_Task item_
Only these lines of the data below are wanted: the one with "tmax e (raise D t x) = tmax e x.", the one with "Definition tadj x", and any lines between them, each repeated exactly.

_Stored data_

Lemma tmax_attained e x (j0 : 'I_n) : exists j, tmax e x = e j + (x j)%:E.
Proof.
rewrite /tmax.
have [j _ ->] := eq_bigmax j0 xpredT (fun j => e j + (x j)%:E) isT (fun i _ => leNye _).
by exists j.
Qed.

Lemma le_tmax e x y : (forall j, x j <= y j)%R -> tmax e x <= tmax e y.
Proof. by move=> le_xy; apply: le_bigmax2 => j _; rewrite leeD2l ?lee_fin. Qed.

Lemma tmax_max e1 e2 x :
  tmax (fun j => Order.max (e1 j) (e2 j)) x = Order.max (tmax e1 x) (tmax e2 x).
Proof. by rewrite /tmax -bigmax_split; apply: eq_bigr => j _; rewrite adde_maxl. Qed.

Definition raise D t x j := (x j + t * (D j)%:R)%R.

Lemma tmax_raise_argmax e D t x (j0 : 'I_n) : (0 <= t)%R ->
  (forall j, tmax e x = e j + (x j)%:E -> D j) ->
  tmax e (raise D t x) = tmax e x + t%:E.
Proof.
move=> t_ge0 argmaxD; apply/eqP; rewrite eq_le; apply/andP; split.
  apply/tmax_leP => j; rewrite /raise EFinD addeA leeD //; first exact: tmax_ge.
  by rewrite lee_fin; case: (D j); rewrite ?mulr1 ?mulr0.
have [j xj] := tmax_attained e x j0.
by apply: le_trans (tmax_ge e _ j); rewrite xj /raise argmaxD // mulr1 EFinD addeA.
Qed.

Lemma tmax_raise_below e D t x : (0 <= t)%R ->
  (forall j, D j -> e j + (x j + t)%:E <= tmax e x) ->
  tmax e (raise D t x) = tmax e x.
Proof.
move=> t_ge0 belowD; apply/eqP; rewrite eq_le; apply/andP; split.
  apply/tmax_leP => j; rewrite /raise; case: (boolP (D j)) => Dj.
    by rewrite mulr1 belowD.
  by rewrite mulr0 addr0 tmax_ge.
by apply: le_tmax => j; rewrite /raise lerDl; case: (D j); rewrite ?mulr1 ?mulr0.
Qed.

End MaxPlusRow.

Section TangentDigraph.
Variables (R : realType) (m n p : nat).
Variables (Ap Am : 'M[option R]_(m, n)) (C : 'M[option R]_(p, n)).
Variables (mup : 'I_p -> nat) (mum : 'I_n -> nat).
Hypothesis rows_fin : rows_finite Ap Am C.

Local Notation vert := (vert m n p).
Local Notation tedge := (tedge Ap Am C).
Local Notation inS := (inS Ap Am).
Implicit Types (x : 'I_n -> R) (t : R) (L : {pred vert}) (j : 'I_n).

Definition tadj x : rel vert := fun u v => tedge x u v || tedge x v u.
* * *
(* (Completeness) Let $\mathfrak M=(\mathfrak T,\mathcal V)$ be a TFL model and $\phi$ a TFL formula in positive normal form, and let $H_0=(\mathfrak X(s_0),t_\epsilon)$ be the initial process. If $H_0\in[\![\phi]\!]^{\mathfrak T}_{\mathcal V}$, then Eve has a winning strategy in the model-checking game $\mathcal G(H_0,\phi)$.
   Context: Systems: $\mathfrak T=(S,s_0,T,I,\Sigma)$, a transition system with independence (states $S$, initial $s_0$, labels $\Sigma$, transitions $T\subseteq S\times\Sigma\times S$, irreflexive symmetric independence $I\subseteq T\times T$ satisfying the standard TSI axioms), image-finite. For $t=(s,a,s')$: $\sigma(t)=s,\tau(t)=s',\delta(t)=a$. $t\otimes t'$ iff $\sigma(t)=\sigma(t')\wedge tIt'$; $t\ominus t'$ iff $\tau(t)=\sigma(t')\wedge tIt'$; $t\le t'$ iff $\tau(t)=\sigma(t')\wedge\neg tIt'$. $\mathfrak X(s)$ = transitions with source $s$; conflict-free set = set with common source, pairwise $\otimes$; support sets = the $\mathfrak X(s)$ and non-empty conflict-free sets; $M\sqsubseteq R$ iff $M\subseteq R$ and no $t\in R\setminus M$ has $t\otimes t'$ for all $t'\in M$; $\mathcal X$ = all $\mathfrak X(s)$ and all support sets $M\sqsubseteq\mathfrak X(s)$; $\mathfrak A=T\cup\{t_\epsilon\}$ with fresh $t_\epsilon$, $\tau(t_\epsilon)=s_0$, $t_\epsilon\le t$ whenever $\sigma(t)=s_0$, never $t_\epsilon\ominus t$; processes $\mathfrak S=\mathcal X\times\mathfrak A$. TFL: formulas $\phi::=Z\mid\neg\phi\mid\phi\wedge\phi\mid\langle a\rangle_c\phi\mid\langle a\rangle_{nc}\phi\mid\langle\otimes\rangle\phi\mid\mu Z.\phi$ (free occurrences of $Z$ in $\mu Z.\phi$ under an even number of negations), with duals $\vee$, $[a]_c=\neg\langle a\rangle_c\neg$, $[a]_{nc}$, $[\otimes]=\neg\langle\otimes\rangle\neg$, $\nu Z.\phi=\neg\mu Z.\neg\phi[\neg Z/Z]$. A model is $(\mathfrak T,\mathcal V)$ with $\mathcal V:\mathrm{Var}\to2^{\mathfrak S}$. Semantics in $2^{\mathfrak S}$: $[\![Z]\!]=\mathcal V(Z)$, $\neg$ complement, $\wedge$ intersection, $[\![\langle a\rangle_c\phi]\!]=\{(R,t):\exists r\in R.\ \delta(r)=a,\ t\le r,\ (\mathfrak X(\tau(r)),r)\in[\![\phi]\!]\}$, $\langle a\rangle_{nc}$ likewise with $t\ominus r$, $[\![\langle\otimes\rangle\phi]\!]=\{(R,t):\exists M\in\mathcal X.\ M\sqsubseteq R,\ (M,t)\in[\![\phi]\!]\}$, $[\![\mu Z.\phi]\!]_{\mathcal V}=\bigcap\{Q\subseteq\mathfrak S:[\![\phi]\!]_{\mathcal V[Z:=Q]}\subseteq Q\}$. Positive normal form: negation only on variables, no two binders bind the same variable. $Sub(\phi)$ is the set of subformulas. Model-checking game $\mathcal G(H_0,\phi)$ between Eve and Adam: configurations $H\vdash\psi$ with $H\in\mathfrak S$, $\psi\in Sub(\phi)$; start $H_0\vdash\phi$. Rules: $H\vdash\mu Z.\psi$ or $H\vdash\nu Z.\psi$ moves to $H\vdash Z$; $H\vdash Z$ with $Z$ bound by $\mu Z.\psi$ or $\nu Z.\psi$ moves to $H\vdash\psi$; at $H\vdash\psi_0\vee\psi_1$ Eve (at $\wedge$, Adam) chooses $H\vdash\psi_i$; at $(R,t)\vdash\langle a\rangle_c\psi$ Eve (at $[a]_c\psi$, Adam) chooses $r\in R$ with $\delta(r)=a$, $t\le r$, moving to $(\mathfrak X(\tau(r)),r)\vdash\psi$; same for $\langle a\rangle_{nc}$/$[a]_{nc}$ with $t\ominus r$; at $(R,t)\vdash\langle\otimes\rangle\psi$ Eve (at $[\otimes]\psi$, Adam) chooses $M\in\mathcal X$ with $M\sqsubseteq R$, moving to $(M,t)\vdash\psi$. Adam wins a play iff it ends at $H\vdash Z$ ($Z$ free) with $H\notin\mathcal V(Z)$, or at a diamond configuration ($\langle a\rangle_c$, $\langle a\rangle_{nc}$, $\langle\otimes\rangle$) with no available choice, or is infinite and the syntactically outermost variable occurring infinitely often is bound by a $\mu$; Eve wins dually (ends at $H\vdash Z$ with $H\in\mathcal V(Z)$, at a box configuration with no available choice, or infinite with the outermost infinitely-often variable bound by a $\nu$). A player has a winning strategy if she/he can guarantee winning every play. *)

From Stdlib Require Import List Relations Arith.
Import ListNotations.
==
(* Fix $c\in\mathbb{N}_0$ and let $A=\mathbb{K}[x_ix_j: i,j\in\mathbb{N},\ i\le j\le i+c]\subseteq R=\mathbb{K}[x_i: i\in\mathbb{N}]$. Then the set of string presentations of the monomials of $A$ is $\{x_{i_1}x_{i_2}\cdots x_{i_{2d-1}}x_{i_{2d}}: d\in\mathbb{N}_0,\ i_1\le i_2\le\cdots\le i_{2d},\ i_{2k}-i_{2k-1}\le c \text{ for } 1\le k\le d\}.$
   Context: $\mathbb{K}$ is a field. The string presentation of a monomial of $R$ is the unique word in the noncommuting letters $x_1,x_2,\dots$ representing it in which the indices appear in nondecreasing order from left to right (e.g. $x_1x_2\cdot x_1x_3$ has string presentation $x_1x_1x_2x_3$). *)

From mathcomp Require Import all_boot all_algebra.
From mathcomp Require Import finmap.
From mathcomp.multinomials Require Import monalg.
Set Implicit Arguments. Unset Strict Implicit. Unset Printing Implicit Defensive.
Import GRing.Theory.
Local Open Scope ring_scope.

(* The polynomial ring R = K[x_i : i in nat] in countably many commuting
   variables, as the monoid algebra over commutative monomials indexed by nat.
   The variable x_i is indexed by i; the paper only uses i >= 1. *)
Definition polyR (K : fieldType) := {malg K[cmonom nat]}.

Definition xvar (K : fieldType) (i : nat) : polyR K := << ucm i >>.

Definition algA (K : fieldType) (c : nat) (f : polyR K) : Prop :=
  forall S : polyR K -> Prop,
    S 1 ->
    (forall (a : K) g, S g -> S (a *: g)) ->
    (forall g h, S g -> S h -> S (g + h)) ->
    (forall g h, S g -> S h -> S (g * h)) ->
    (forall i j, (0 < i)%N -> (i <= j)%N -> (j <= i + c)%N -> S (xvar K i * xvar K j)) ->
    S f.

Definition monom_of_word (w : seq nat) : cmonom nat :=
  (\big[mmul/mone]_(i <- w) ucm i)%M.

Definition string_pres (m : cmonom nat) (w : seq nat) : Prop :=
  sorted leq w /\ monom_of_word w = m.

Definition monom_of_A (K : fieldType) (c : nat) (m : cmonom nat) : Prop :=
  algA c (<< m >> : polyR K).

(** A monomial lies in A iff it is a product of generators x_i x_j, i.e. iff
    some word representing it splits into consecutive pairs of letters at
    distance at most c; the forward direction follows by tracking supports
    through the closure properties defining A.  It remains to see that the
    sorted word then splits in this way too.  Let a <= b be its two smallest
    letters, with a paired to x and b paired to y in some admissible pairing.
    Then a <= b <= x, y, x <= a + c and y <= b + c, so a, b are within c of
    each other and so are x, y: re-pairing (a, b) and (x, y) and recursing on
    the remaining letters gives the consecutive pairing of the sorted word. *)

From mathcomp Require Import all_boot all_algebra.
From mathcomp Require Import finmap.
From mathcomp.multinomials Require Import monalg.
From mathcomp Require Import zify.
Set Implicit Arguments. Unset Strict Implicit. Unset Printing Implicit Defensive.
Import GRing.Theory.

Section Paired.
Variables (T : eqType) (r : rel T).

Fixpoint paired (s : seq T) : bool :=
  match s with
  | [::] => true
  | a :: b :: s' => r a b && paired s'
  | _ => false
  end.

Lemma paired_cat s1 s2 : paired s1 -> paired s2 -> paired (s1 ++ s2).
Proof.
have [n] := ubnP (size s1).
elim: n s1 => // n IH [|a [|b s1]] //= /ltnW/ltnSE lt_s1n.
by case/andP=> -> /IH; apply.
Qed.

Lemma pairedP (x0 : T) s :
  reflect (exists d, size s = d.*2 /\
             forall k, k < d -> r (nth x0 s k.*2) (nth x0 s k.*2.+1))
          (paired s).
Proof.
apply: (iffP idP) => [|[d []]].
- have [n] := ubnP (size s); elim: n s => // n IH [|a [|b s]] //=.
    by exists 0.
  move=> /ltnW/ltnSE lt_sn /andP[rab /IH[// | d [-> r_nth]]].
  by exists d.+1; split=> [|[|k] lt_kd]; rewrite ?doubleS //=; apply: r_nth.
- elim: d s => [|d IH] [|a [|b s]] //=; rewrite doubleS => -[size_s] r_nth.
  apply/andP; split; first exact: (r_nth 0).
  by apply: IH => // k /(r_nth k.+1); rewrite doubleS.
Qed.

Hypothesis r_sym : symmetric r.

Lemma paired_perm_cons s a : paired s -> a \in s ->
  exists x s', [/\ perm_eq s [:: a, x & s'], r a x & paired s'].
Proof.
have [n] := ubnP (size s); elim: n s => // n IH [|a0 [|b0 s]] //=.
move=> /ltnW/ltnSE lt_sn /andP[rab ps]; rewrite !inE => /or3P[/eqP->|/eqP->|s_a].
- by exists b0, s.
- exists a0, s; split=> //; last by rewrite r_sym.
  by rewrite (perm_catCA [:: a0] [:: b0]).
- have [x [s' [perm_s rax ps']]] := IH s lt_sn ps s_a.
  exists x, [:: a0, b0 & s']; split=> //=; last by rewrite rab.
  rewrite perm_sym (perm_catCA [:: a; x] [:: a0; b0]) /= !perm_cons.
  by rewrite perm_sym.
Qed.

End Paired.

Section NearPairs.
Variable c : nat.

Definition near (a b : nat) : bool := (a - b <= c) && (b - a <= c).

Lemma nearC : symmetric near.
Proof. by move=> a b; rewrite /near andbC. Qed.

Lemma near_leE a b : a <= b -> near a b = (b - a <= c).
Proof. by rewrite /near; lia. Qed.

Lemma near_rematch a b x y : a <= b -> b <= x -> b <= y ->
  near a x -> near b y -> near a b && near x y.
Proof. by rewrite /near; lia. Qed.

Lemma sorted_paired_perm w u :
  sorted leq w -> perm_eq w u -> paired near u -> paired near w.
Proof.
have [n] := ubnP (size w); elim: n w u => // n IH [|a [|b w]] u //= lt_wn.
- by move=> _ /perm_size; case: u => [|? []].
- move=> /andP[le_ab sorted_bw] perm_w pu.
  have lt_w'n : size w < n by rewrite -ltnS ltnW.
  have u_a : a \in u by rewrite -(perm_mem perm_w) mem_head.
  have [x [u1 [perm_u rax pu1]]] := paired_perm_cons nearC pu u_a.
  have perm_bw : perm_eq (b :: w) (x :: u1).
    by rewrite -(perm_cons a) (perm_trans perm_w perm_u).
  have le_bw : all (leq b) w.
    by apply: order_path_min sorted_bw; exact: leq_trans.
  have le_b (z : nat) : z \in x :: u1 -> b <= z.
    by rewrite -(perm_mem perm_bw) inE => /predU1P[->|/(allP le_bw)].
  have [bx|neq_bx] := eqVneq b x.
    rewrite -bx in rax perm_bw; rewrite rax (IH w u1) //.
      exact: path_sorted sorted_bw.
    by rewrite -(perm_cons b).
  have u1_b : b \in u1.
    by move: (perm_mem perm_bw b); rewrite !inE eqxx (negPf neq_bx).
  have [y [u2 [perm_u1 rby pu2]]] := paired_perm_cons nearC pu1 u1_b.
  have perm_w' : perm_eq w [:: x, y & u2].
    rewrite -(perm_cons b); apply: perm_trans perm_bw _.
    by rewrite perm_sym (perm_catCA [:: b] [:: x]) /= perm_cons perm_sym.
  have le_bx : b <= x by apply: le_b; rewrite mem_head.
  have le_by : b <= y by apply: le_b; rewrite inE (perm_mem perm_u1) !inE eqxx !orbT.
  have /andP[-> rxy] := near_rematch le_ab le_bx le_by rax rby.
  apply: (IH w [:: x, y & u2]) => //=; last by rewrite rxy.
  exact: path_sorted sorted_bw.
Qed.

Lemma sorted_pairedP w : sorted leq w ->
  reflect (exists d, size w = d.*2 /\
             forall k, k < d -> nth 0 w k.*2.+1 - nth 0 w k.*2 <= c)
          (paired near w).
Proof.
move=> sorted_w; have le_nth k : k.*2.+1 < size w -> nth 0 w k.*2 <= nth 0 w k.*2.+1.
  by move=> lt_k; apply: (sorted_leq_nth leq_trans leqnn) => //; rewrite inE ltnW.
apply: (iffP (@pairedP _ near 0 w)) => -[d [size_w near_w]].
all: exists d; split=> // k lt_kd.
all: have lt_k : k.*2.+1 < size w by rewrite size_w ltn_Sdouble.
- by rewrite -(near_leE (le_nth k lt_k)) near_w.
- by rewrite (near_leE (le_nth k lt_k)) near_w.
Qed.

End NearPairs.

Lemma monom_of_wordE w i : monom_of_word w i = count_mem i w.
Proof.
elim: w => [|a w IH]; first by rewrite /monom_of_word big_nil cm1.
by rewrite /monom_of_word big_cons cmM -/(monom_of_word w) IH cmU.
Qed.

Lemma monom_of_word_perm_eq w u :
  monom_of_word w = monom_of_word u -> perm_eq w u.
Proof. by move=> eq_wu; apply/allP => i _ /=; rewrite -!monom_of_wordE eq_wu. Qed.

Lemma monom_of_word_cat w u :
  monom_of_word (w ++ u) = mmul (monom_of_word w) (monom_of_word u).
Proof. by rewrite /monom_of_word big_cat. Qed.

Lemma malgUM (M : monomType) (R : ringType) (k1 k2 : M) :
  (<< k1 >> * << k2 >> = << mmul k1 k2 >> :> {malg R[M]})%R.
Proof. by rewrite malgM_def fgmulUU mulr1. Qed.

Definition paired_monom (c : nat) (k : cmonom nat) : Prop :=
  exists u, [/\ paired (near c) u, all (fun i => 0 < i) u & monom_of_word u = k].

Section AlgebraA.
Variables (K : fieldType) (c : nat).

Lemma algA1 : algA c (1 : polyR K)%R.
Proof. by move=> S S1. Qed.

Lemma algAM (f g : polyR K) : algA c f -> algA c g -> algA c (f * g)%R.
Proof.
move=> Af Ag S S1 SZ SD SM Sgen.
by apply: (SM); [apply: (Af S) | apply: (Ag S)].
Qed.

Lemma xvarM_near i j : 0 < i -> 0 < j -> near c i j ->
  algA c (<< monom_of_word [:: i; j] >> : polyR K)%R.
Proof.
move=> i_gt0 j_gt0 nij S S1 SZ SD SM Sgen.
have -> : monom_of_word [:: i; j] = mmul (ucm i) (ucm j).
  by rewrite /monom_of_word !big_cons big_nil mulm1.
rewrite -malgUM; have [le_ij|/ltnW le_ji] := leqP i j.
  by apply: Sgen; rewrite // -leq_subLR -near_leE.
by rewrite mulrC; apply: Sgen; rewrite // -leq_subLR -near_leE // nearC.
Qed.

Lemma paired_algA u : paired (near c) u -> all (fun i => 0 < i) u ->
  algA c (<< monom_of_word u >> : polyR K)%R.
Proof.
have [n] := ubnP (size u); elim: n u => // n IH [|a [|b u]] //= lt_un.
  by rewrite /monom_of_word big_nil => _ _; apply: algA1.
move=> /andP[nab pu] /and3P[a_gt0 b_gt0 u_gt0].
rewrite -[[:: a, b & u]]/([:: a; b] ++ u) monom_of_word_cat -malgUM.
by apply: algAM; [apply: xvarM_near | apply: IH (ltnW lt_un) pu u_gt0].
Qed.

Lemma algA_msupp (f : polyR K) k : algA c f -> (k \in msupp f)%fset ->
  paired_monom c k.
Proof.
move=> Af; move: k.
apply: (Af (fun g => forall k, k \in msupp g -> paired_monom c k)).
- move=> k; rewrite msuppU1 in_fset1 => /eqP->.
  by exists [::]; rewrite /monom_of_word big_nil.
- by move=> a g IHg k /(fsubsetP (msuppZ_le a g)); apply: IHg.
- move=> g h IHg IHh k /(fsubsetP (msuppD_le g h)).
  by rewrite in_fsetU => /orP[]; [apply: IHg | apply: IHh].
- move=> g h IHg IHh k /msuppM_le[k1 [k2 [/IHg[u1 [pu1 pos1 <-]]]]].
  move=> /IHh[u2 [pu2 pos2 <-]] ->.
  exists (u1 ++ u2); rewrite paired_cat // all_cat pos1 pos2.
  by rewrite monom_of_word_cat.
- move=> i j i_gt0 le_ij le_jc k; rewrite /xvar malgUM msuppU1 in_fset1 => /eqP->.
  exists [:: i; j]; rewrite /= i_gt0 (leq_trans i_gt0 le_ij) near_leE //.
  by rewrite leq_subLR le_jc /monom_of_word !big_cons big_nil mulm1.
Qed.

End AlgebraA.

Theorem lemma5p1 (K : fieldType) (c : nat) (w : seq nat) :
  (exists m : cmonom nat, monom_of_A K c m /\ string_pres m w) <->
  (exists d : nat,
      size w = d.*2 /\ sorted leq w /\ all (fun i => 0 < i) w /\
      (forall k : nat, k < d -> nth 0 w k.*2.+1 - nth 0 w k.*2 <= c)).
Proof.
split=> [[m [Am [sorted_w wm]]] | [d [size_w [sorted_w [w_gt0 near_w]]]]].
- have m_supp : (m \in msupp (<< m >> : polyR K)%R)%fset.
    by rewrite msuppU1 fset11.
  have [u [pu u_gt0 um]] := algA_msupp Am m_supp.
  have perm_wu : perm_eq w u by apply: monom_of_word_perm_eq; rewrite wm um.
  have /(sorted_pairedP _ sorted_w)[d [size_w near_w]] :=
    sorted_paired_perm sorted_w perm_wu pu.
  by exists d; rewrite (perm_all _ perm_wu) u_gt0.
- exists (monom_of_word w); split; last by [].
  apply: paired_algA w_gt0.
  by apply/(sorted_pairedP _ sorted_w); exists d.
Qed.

_Response to the exercise_
  tmax e (raise D t x) = tmax e x.
Proof.
move=> t_ge0 belowD; apply/eqP; rewrite eq_le; apply/andP; split.
  apply/tmax_leP => j; rewrite /raise; case: (boolP (D j)) => Dj.
    by rewrite mulr1 belowD.
  by rewrite mulr0 addr0 tmax_ge.
by apply: le_tmax => j; rewrite /raise lerDl; case: (D j); rewrite ?mulr1 ?mulr0.
Qed.

End MaxPlusRow.

Section TangentDigraph.
Variables (R : realType) (m n p : nat).
Variables (Ap Am : 'M[option R]_(m, n)) (C : 'M[option R]_(p, n)).
Variables (mup : 'I_p -> nat) (mum : 'I_n -> nat).
Hypothesis rows_fin : rows_finite Ap Am C.

Local Notation vert := (vert m n p).
Local Notation tedge := (tedge Ap Am C).
Local Notation inS := (inS Ap Am).
Implicit Types (x : 'I_n -> R) (t : R) (L : {pred vert}) (j : 'I_n).

Definition tadj x : rel vert := fun u v => tedge x u v || tedge x v u.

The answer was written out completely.